Yes... but living in Derby we have decent ale pubs coming out of our ears. Also locally we have Derby Brewing Co, Deventio, Dancing Duck, Shardlow Brewery and slightly further Blue Monkey and Castle Rock.
To be fair what I have produced stands up among beers available to buy but some available brews are just amazing take Derby Brewing Co Dashingly Dark at the brewery tour the head brewer pointed out that he used 12 different malts to perfect it let alone hops and I can't afford to buy such a range let alone spare the time to experiment the flavours etc.

Jaipur is nice but a lot of folk rate it for strength Lord Marples by same brewery is nicer IMO
 
lukehgriffiths said:
Yes... but living in Derby we have decent ale pubs coming out of our ears.
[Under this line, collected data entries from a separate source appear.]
Definition Q_n (K : T -> T -> R) (Omega : set T) (n : nat) (X : 'I_n -> T)
  (lam : R) : T -> \bar R := power_fun (Klam K lam) Omega (I_n K X lam).

End Defs.

From HB Require Import structures.
From mathcomp Require Import all_boot all_order all_algebra.
From mathcomp Require Import classical_sets boolp reals ereal.
From mathcomp Require Import ring lra.
Set Implicit Arguments. Unset Strict Implicit. Unset Printing Implicit Defensive.
Import Order.TTheory GRing.Theory Num.Theory.
Local Open Scope classical_set_scope.
Local Open Scope ring_scope.

(* Off the nodes, f |-> f(x) - s_n^mu(f)(x) is the functional
   f |-> sum_l c_l f(z_l) on the enlarged nodes z = (x, X_1, ..., X_n) with
   c = (1, -u_mu), u_mu = k_x (A + mu I)^-1.  By Cauchy-Schwarz and its Riesz
   representer sum_l c_l K(., z_l), its norm on the native space is
   sqrt (c^T K[z] c), so P_n^mu(x)^2 = K(x,x) + u_mu A u_mu^T - 2 u_mu k_x^T.
   This quadratic in u is minimal at u_0 = k_x A^-1, whence P_n <= P_n^lambda.
   Since x is not a node, I_n^lambda uses the same weights u_lambda, while
   K_lambda adds lambda |c|^2 >= lambda to the quadratic form: hence
   P_n^lambda <= Q_n^lambda and sqrt lambda <= Q_n^lambda.  At a node X_i,
   f(X_i) - s_n^lambda(f)(X_i) = lambda alpha_i with (A + lambda I) alpha = f|X,
   and alpha^T A alpha + lambda |alpha|^2 = sum_j alpha_j f(X_j)
   <= ||f|| sqrt (alpha^T A alpha) bounds lambda alpha_i by sqrt lambda ||f||. *)

Section KernelInterpolation.
Variables (R : realType) (d : nat).
Local Notation T := 'rV[R]_d.

Definition catf (U : Type) m r (y : 'I_m -> U) (z : 'I_r -> U) (i : 'I_(m + r)) : U :=
  match split i with inl i => y i | inr j => z j end.

Lemma catf_lshift U m r y z i : @catf U m r y z (lshift r i) = y i.
Proof. by rewrite /catf (unsplitK (inl _ i)). Qed.

Lemma catf_rshift U m r y z i : @catf U m r y z (rshift m i) = z i.
Proof. by rewrite /catf (unsplitK (inr _ i)). Qed.

Lemma catf_in U (A : set U) m r (y : 'I_m -> U) (z : 'I_r -> U) :
  (forall i, A (y i)) -> (forall j, A (z j)) -> forall l, A (catf y z l).
Proof. by move=> Ay Az l; rewrite /catf; case: split. Qed.

Definition bform (k : T -> T -> R) m r (y : 'I_m -> T) (a : 'I_m -> R)
    (z : 'I_r -> T) (b : 'I_r -> R) : R :=
  \sum_(i < m) \sum_(j < r) a i * b j * k (y i) (z j).

Lemma qformE k m (y : 'I_m -> T) a : qform k y a = bform k y a y a.
Proof. by []. Qed.

Lemma bformZl k m r (y : 'I_m -> T) a (z : 'I_r -> T) b s :
  bform k y (fun i => s * a i) z b = s * bform k y a z b.
Proof.
rewrite /bform mulr_sumr; apply: eq_bigr => i _; rewrite mulr_sumr.
by apply: eq_bigr => j _; ring.
Qed.

Lemma qformZ k m (y : 'I_m -> T) a s :
  qform k y (fun i => s * a i) = s ^+ 2 * qform k y a.
Proof.
rewrite /qform mulr_sumr; apply: eq_bigr => i _; rewrite mulr_sumr.
by apply: eq_bigr => j _; ring.
Qed.

Lemma qform0 k m (y : 'I_m -> T) : qform k y (fun _ => 0) = 0.
Proof. by rewrite /qform big1 // => i _; rewrite big1 // => j _; rewrite !mul0r. Qed.

Lemma qform_cat k m r (y : 'I_m -> T) a (z : 'I_r -> T) b :
  qform k (catf y z) (catf a b) =
  qform k y a + bform k y a z b + bform k z b y a + qform k z b.
Proof.
rewrite /qform /bform big_split_ord /= -!big_split /= -addrA; congr (_ + _).
  apply: eq_bigr => i _; rewrite big_split_ord /= !catf_lshift; congr (_ + _);
  by apply: eq_bigr => j _; rewrite ?catf_lshift ?catf_rshift.
rewrite -big_split /=; apply: eq_bigr => i _.
rewrite big_split_ord /= !catf_rshift; congr (_ + _);
by apply: eq_bigr => j _; rewrite ?catf_lshift ?catf_rshift.
Qed.

Lemma qform_comp k m r (p : 'I_m -> 'I_r) (w : 'I_r -> T) a :
  qform k (fun i => w (p i)) a = qform k w (fun l => \sum_(i | p i == l) a i).
Proof.
rewrite /qform (partition_big p xpredT) //=; apply: eq_bigr => l _.
transitivity (\sum_(i | p i == l) a i *
    \sum_(l' < r) (\sum_(j | p j == l') a j) * k (w l) (w l')).
  apply: eq_bigr => i /eqP ->; rewrite mulr_sumr (partition_big p xpredT) //=.
  apply: eq_bigr => l' _; rewrite mulr_suml mulr_sumr; apply: eq_bigr => j /eqP ->.
  by rewrite mulrA.
rewrite -mulr_suml mulr_sumr; apply: eq_bigr => l' _.
by rewrite mulrA.
Qed.

Definition sym_on (Omega : set T) (k : T -> T -> R) : Prop :=
  forall x y, Omega x -> Omega y -> k x y = k y x.

Definition psd_on (Omega : set T) (k : T -> T -> R) : Prop :=
  forall m (y : 'I_m -> T) a, (forall i, Omega (y i)) -> 0 <= qform k y a.

Lemma bformC Omega k m r (y : 'I_m -> T) a (z : 'I_r -> T) b :
  sym_on Omega k -> (forall i, Omega (y i)) -> (forall j, Omega (z j)) ->
  bform k z b y a = bform k y a z b.
Proof.
move=> ksym Oy Oz; rewrite /bform exchange_big; apply: eq_bigr => i _.
by apply: eq_bigr => j _; rewrite ksym // [b _ * _]mulrC.
Qed.

(* A family with repetitions is the composite of an injective one (its list of
   distinct points) with an index map, so [qform_comp] reduces it to that. *)
Lemma psd_on_injective Omega k :
  (forall r (w : 'I_r -> T) b, injective w -> (forall i, Omega (w i)) ->
     0 <= qform k w b) ->
  psd_on Omega k.
Proof.
move=> kpsd m y a Oy.
set s := undup [seq y i | i <- enum 'I_m].
have ys i : (index (y i) s < size s)%N.
  by rewrite index_mem mem_undup map_f // mem_enum.
pose p i : 'I_(size s) := Ordinal (ys i).
pose w (l : 'I_(size s)) := nth 0 s l.
have -> : y = fun i => w (p i).
  by apply: funext => i; rewrite /w /= nth_index // -index_mem ys.
rewrite qform_comp; apply: kpsd.
  move=> l1 l2 /eqP; rewrite /w nth_uniq ?undup_uniq // => /eqP; exact: val_inj.
move=> l; have : w l \in s by rewrite /w mem_nth.
by rewrite mem_undup => /mapP [i _ ->].
Qed.

Lemma spd_kernel_psd Omega K : spd_kernel Omega K -> psd_on Omega K.
Proof.
move=> [_ Kpd]; apply: psd_on_injective => r w b winj Ow.
have [[i bi]|b0] := pselect (exists i, b i != 0).
  by apply/ltW/Kpd => //; exists i.
suff -> : b = fun _ => 0 by rewrite qform0.
by apply: funext => i; apply/eqP; apply: contra_notT b0 => bi; exists i.
Qed.

Lemma Klam_sym Omega K lam : sym_on Omega K -> sym_on Omega (Klam K lam).
Proof. by move=> Ksym x y Ox Oy; rewrite /Klam Ksym // eq_sym. Qed.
Also locally we have Derby Brewing Co, Deventio, Dancing Duck, Shardlow Brewery and slightly further Blue Monkey and Castle Rock.

The pale ale I made with Marynka hops is bloody lovely...

+1 to that - was in Derby last week; found yet another great pub; Five Lamps - 14 beers on !! :D
 
I prefer Kipling to Jaipur from Thornbridge, it seems to have a more tropical fruit hop flavour to it. St Petersburg is my favourite Thornbridge beer though.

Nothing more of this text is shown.